Thu Jul 30 01:57:39 CDT 2009

If a process is idle for a long time, the Wait call with keep calling 
poll() to check if anything has arrived. For example, try this experiment:

Process 0:
	MPI_Irecv();
	MPI_Wait();

Process 1:
	sleep(10);
	MPI_Send();

Process 0 will see a lot of "system activity" as it's busily waiting for 
data to arrive.

  -- Pavan

On 07/29/2009 03:19 PM, chong tan wrote:
> I like to provide futher info on what we have experiment, hopefully this
> can of some use, even with my future competitor (they suscribe this 
> email too).
>  
> 1.  We replace Wait_all for Wait_any, and there is no different in 
> performance
> 2.  We experimented with affining the recv thread to the same physcial 
> CPU-same core
>      pair, different core pair, and same core as main thread (core pair 
> done on AMD boxes).  . 
>     This experiment is done on :
>           - Irecv versus Recv
>           - wait_all and wait_any
>           - early versus late wait_all, and wait_any, wait
>           - wait in recv thread versus wait in main thread
>     Amazigly, running the recv thread on the same core as main thread is 
> the fastest one, it almost
>     has the same performance as non-threaded implementation with some 
> code combo.
>  
>     Early wait, both all and any, is the worst performer.
>  
>    Given that we know one partitcular test between more than 5% of time 
> is spent in master
>    proc (id ==0) completing the already sent data via MPI_Recv (from MPE 
> and our monitor, and
>    the fact that master proc got the biggest chunk of work in the test), 
> we expect to see some positive
>    sign of live using threaded MPI. or at least not the negative gain as 
> we have experience.
>  
>  
> one issue we observed what that Wait*,  is causing significant sys 
> activities in other processes.
> Maybe this is the problem, maybe not.
>  
> tan
>  
> ------------------------------------------------------------------------
> *From:* Pavan Balaji <balaji at mcs.anl.gov>
> *To:* mpich-discuss at mcs.anl.gov
> *Sent:* Tuesday, July 28, 2009 7:24:49 PM
> *Subject:* Re: [mpich-discuss] thread MPI calls
> 
> 
>  > we just completed 1 partiticular tests using SERIALIZED, and that 
> make no difference (compared to
>  > MULTIPLE).
> 
> In that case, the problem is likely with the algorithm itself.
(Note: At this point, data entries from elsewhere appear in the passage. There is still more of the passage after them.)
(* Let $n\ge 4$ and $\bar K>0$. For all $x\ge 0$ the functions $a,\mathring a$ satisfy: (i) $\frac{4x(\mathring a'(x))^2}{\mathring a(x)}<1$; (ii) $2x\mathring a''(x)+\mathring a'(x)<\frac{2(n-1)}{n(n+2)}$; (iii) $\frac{n-2}{\sqrt{n(n-1)}}\sqrt{x\,\mathring a(x)}+\mathring a(x)<\frac{x}{n}+n\bar K$; (iv) $n\bar K(\mathring a+x\mathring a')-a(\mathring a-x\mathring a')\ge\frac{2n(n-2)(n-1)^2\bar K^4}{\big(x+\sqrt{2+\sqrt{2n}}\,(n-1)\bar K\big)^2}$; (v) $2\mathring a-\frac{x}{n}+x\mathring a'\le 2\sqrt{2n}\,\bar K-\frac{(n-4)x}{n(n-1)}-\frac{6(\sqrt{2n}-2)\bar K x}{3x+2\sqrt{2n}(n-1)\bar K}$; (vi) $\frac{x}{n-1}(a+n\bar K)-\Big(\frac{x}{n-1}+2n\bar K\Big)\big(\mathring a+a-n\bar K-x\mathring a'\big)<-\frac{2x\bar K}{n-1}+2n(n-4)\bar K^2$, where $a,\mathring a,\mathring a',\mathring a''$ are evaluated at $x$.
   Context: For $x\ge0$: $a(x)=\sqrt{\big(\frac{x}{n-1}+2\bar K\big)^2+(2n-4)\bar K^2}$ and $\mathring a(x)=a(x)-\frac{x}{n}$; primes denote derivatives in $x$. *)

From Stdlib Require Import Reals Lra.
From Coquelicot Require Import Coquelicot.
Open Scope R_scope.

Definition a_fun (n : nat) (K : R) (x : R) : R :=
  sqrt ((x / (INR n - 1) + 2 * K) ^ 2 + (2 * INR n - 4) * K ^ 2).

Definition ao_fun (n : nat) (K : R) (x : R) : R :=
  a_fun n K x - x / INR n.

Definition ao1 (n : nat) (K : R) (x : R) : R := Derive (ao_fun n K) x.
Definition ao2 (n : nat) (K : R) (x : R) : R := Derive (Derive (ao_fun n K)) x.

From Stdlib Require Import Reals Lra Psatz.
From Coquelicot Require Import Coquelicot.
Open Scope R_scope.

(* Put X = x/(n-1) and A = a(x).  Then A > 0 satisfies the single
   algebraic relation A^2 = X^2 + 4KX + 2nK^2, i.e. A^2 - u^2 = 2(n-2)K^2 with
   u = X + 2K, and the derivatives have the closed forms
     ao' = u/((n-1)A) - 1/n,      ao'' = 2(n-2)K^2/((n-1)^2 A^3).
   Each of the six items thus becomes an inequality between rational functions
   of N = n, K, X, A.  After clearing denominators A enters (at most) linearly,
   as "P <= Q * A"; squaring and eliminating A^2 leaves a polynomial in X and K
   whose coefficients are nonnegative once N >= 4 (for items (iv) and (v) with
   b = sqrt(2N) >= 2 sqrt 2 and g = sqrt(2 + b) >= 2.19). *)

Section Derivatives.
Variables (n : nat) (K : R).
Hypothesis hn : (4 <= n)%nat.
Hypothesis hK : 0 < K.

Definition ao1_closed (y : R) : R :=
  (y / (INR n - 1) + 2 * K) / ((INR n - 1) * a_fun n K y) - 1 / INR n.
Definition ao2_closed (y : R) : R :=
  2 * (INR n - 2) * K ^ 2 / ((INR n - 1) ^ 2 * a_fun n K y ^ 3).

Lemma INR_ge_4 : 4 <= INR n.
Proof. apply le_INR in hn. simpl in hn. lra. Qed.

Lemma radicand_pos (y : R) : 0 < (y / (INR n - 1) + 2 * K) ^ 2 + (2 * INR n - 4) * K ^ 2.
Proof.
  pose proof INR_ge_4.
  assert (0 < (2 * INR n - 4) * K ^ 2) by (apply Rmult_lt_0_compat; [lra | apply pow_lt; lra]).
  pose proof (pow2_ge_0 (y / (INR n - 1) + 2 * K)). lra.
Qed.

Lemma a_fun_pos (y : R) : 0 < a_fun n K y.
Proof. apply sqrt_lt_R0, radicand_pos. Qed.

Lemma a_fun_sqr (y : R) :
  a_fun n K y * a_fun n K y = (y / (INR n - 1) + 2 * K) ^ 2 + (2 * INR n - 4) * K ^ 2.
Proof. apply sqrt_sqrt, Rlt_le, radicand_pos. Qed.

(* auto_derive writes squares as z * (z * 1); this folds them back. *)
Lemma radicand_unfolded (c z : R) : z * (z * 1) + c * (K * (K * 1)) = z ^ 2 + c * K ^ 2.
Proof. ring. Qed.

Lemma is_derive_ao (y : R) : is_derive (ao_fun n K) y (ao1_closed y).
Proof.
  pose proof (radicand_pos y) as hF. pose proof (a_fun_pos y) as ha.
  pose proof INR_ge_4.
  unfold ao_fun, ao1_closed, a_fun in *. auto_derive; rewrite ?radicand_unfolded.
  - exact hF.
  - set (S := sqrt _) in *. field. lra.
Qed.

Lemma is_derive_ao1_closed (y : R) : is_derive ao1_closed y (ao2_closed y).
Proof.
  pose proof (radicand_pos y) as hF. pose proof (a_fun_pos y) as ha.
  pose proof (a_fun_sqr y) as ha2. pose proof INR_ge_4.
  unfold ao1_closed, ao2_closed, a_fun in *. auto_derive; rewrite ?radicand_unfolded.
  - split; [exact hF | split; [apply Rmult_integral_contrapositive_currified |]; lra].
  - set (S := sqrt _) in *.
    (* the result is expressed through S^3, so trade K^2 for S^2 - (y/(n-1) + 2K)^2 *)
    assert (hK2 : 2 * (INR n - 2) * K ^ 2 = S * S - (y / (INR n - 1) + 2 * K) ^ 2)
      by (rewrite ha2; ring).
    rewrite hK2. field. lra.
Qed.

Lemma ao1_eq (y : R) : ao1 n K y = ao1_closed y.
Proof. apply is_derive_unique, is_derive_ao. Qed.

Lemma ao2_eq (y : R) : ao2 n K y = ao2_closed y.
Proof.
  unfold ao2. rewrite (Derive_ext (Derive (ao_fun n K)) ao1_closed y ao1_eq).
  apply is_derive_unique, is_derive_ao1_closed.
Qed.
End Derivatives.

(* Item (i) reduces to 4 X D^2 < N (N-1) A^2 (N A - (N-1) X), where
   D = N u - (N-1) A is the numerator of N (N-1) A ao'.  These two lemmas
   are its two sign cases: for D >= 0 one uses D < A, for D < 0 the AM-GM
   bound 4 N u (-D) <= ((N-1) A)^2. *)
Lemma numerator_bound_pos (N X A D : R) : 4 <= N -> 0 <= X -> X < A -> 0 <= D < A ->
  4 * X * D ^ 2 < N * (N - 1) * A ^ 2 * (N * A - (N - 1) * X).
Proof.
  intros hN hX hXA hD.
  assert (hlin : X < N * A - (N - 1) * X) by nra.
  assert (hN12 : 12 <= N * (N - 1)) by nra.
  assert (hD2 : 4 * X * D ^ 2 <= 4 * X * A ^ 2) by (apply Rmult_le_compat_l; nra).
  assert (hcoef : 4 * X < N * (N - 1) * (N * A - (N - 1) * X)) by nra.
  assert (0 < A ^ 2) by nra.
  nra.
Qed.

Lemma numerator_bound_neg (N X u A : R) : 4 <= N -> 0 <= X -> X < u -> N * u < (N - 1) * A ->
  4 * X * (N * u - (N - 1) * A) ^ 2 < N * (N - 1) * A ^ 2 * (N * A - (N - 1) * X).
Proof.
  intros hN hX hXu hNu. set (c := N - 1) in *. set (D := N * u - c * A).
  assert (hA : 0 < A) by (unfold c in *; nra).
  assert (hD : 0 < - D <= c * A) by (unfold D; nra).
  assert (hD2 : D ^ 2 <= c * A * (- D)) by nra.
  assert (hXD : 4 * X * D ^ 2 <= 4 * u * (c * A * (- D))) by (apply Rmult_le_compat; nra).
  assert (amgm : 4 * u * (- D) * N <= c ^ 2 * A ^ 2)
    by (pose proof (pow2_ge_0 (c * A - 2 * N * u)); unfold D; nra).
  assert (hNX : N * c * X < c * c * A) by (assert (N * X < c * A) by nra; unfold c in *; nra).
  assert (hlin : c ^ 2 * A < N ^ 2 * (N * A - c * X)).
  { assert (N * (N * c * X) < N * (c * c * A)) by (apply Rmult_lt_compat_l; lra).
    assert (0 < A * (N * (N ^ 2 - c ^ 2) - c ^ 2)) by (apply Rmult_lt_0_compat; [lra | unfold c; nra]).
    nra. }
  assert (h1 : N * (4 * X * D ^ 2) <= c * A * (c ^ 2 * A ^ 2))
    by (assert (0 <= c * A) by (unfold c; nra); nra).
  assert (h2 : c * A ^ 2 * (c ^ 2 * A) < c * A ^ 2 * (N ^ 2 * (N * A - c * X)))
    by (apply Rmult_lt_compat_l; [unfold c; nra | lra]).
  apply Rmult_lt_reg_l with N; [lra | nra].
Qed.

(* max_{0 <= t <= 1} (3t - 2t^3) = sqrt 2 < 3/2, homogenised; used for (ii). *)
Lemma cubic_bound (u A : R) : 0 < A -> 0 <= u <= A -> 3 * u * A ^ 2 - 2 * u ^ 3 < 3 / 2 * A ^ 3.
Proof.
  intros hA hu.
  assert (0 <= (u - 7 / 10 * A) ^ 2 * (4 * u + 28 / 5 * A))
    by (apply Rmult_le_pos; [apply pow2_ge_0 | lra]).
  assert (0 < A ^ 2 * (32 / 125 * A - 3 / 25 * u)) by (apply Rmult_lt_0_compat; nra).
  nra.
Qed.

(* The coefficients of the quintic P^2 - (S A)^2 arising in (iv) are
   nonnegative when b >= 2.8 and g = sqrt(2 + b) >= 2.19; the only nontrivial
   input is the AM-GM bound g <= (b + 3)/2. *)
Lemma quintic_coefficients_nonneg (b g : R) : 28 / 10 <= b -> 219 / 100 <= g -> g * g = 2 + b ->
  0 <= 4 * b ^ 2 + 32 * g - 80 /\
  0 <= b ^ 4 + 24 * b ^ 2 * g - 36 * b ^ 2 + 80 * b - 160 * g + 96 /\
  0 <= 4 * b ^ 4 * g - 4 * b ^ 4 + 44 * b ^ 3 - 72 * b ^ 2 * g + 52 * b ^ 2 + 64 * b * g - 80 * b - 144 /\
  0 <= 6 * b ^ 3 - 8 * b ^ 2 * g + 7 * b ^ 2 + 32 * b * g - 36 * b - 68 /\
  0 <= b * g - b - 2.
Proof.
  intros hb hg hgg.
  assert (hg_up : g <= (b + 3) / 2) by nra.
  assert (hb2g : b ^ 2 * g <= b ^ 2 * ((b + 3) / 2)) by (apply Rmult_le_compat_l; [apply pow2_ge_0 | lra]).
  repeat split; try nra.
  assert (0 <= b ^ 4 * (g - 219 / 100)) by (apply Rmult_le_pos; [apply pow_le |]; lra).
  assert (0 <= (b - 28 / 10) * b ^ 3) by (apply Rmult_le_pos; [| apply pow_le]; lra).
  nra.
Qed.

Lemma majorant_iv (K X A b g : R) :
  0 < K -> 0 <= X -> 0 < A -> 28 / 10 <= b -> 219 / 100 <= g -> g * g = 2 + b ->
  A * A = X ^ 2 + 4 * K * X + b ^ 2 * K ^ 2 ->
  (2 * X ^ 2 + 6 * K * X + b ^ 2 * K ^ 2) * A
    <= (4 * X + b ^ 2 * K) * (X + g * K) ^ 2 - (2 * X + 2 * K) * (X ^ 2 + 4 * K * X + b ^ 2 * K ^ 2).
Proof.
  intros hK hX hA hb hg hgg hAA.
  destruct (quintic_coefficients_nonneg b g hb hg hgg) as (c5 & c4 & c3 & c2 & c1).
  set (S := 2 * X ^ 2 + 6 * K * X + b ^ 2 * K ^ 2).
  set (P := (4 * X + b ^ 2 * K) * (X + g * K) ^ 2 - (2 * X + 2 * K) * (X ^ 2 + 4 * K * X + b ^ 2 * K ^ 2)).
  assert (hbg : b = g * g - 2) by lra.
  assert (hP : 0 <= P).
  { replace P with (2 * X ^ 3 + (b ^ 2 + 8 * g - 10) * K * X ^ 2 + (4 * b + 2 * b ^ 2 * g - 2 * b ^ 2) * K ^ 2 * X + b ^ 3 * K ^ 3)
      by (unfold P; rewrite hbg; ring).
    assert (0 <= 4 * b + 2 * b ^ 2 * g - 2 * b ^ 2) by nra.
    assert (0 <= b ^ 2 + 8 * g - 10) by nra.
    repeat apply Rplus_le_le_0_compat; repeat apply Rmult_le_pos; try apply pow_le; lra. }
  apply Rsqr_incr_0_var; unfold Rsqr; [| exact hP].
  assert (E : P * P - S * A * (S * A)
              = (4 * b ^ 2 + 32 * g - 80) * X ^ 5 * K
                + (b ^ 4 + 24 * b ^ 2 * g - 36 * b ^ 2 + 80 * b - 160 * g + 96) * X ^ 4 * K ^ 2
                + (4 * b ^ 4 * g - 4 * b ^ 4 + 44 * b ^ 3 - 72 * b ^ 2 * g + 52 * b ^ 2 + 64 * b * g - 80 * b - 144) * X ^ 3 * K ^ 3
                + b ^ 2 * (6 * b ^ 3 - 8 * b ^ 2 * g + 7 * b ^ 2 + 32 * b * g - 36 * b - 68) * X ^ 2 * K ^ 4
                + 4 * b ^ 4 * (b * g - b - 2) * X * K ^ 5).
  { replace (S * A * (S * A)) with (S * S * (A * A)) by ring. rewrite hAA. unfold P, S. rewrite hbg. ring. }
  assert (0 <= P * P - S * A * (S * A)).
  { rewrite E. repeat apply Rplus_le_le_0_compat; repeat apply Rmult_le_pos; try apply pow_le; lra. }
  lra.
Qed.

(* The six items in the reduced variables X = x/(N-1) >= 0 and A = a(x) > 0;
   the notations below are the reduced forms of x, ao, ao', ao''. *)
Section ReducedEstimates.
Variables N K X A : R.
Hypothesis hN : 4 <= N.
Hypothesis hK : 0 < K.
Hypothesis hX : 0 <= X.
Hypothesis hA : 0 < A.
Hypothesis hAA : A * A = X ^ 2 + 4 * K * X + 2 * N * K ^ 2.

Local Notation x := ((N - 1) * X).
Local Notation u := (X + 2 * K).
Local Notation ao := (A - x / N).
Local Notation ao' := (u / ((N - 1) * A) - 1 / N).
Local Notation ao'' := (2 * (N - 2) * K ^ 2 / ((N - 1) ^ 2 * A ^ 3)).

Lemma A_sqr_sub : A * A - u * u = 2 * (N - 2) * K ^ 2.
Proof. rewrite hAA. ring. Qed.

Lemma shift_lt_A : u < A.
Proof.
  pose proof A_sqr_sub.
  assert (0 < 2 * (N - 2) * K ^ 2) by (apply Rmult_lt_0_compat; nra).
  nra.
Qed.

Lemma ao_pos : 0 < ao.
Proof.
  pose proof shift_lt_A.
  assert (x / N <= X) by (apply Rle_div_l; [lra | nra]).
  lra.
Qed.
In 
> SERIALIZED mode, MPI does not add any locks and will not add any 
> additional overhead. But it looks like your algorithm is blocking 
> waiting for data from all slave processes before proceeding to the next 
> iteration -- this will cause a lot of idle time. Is there someway you 
> can optimize your algorithm?
> 
> -- Pavan
> 
> -- Pavan Balaji
> http://www.mcs.anl.gov/~balaji
> 

-- 
Pavan Balaji
http://www.mcs.anl.gov/~balaji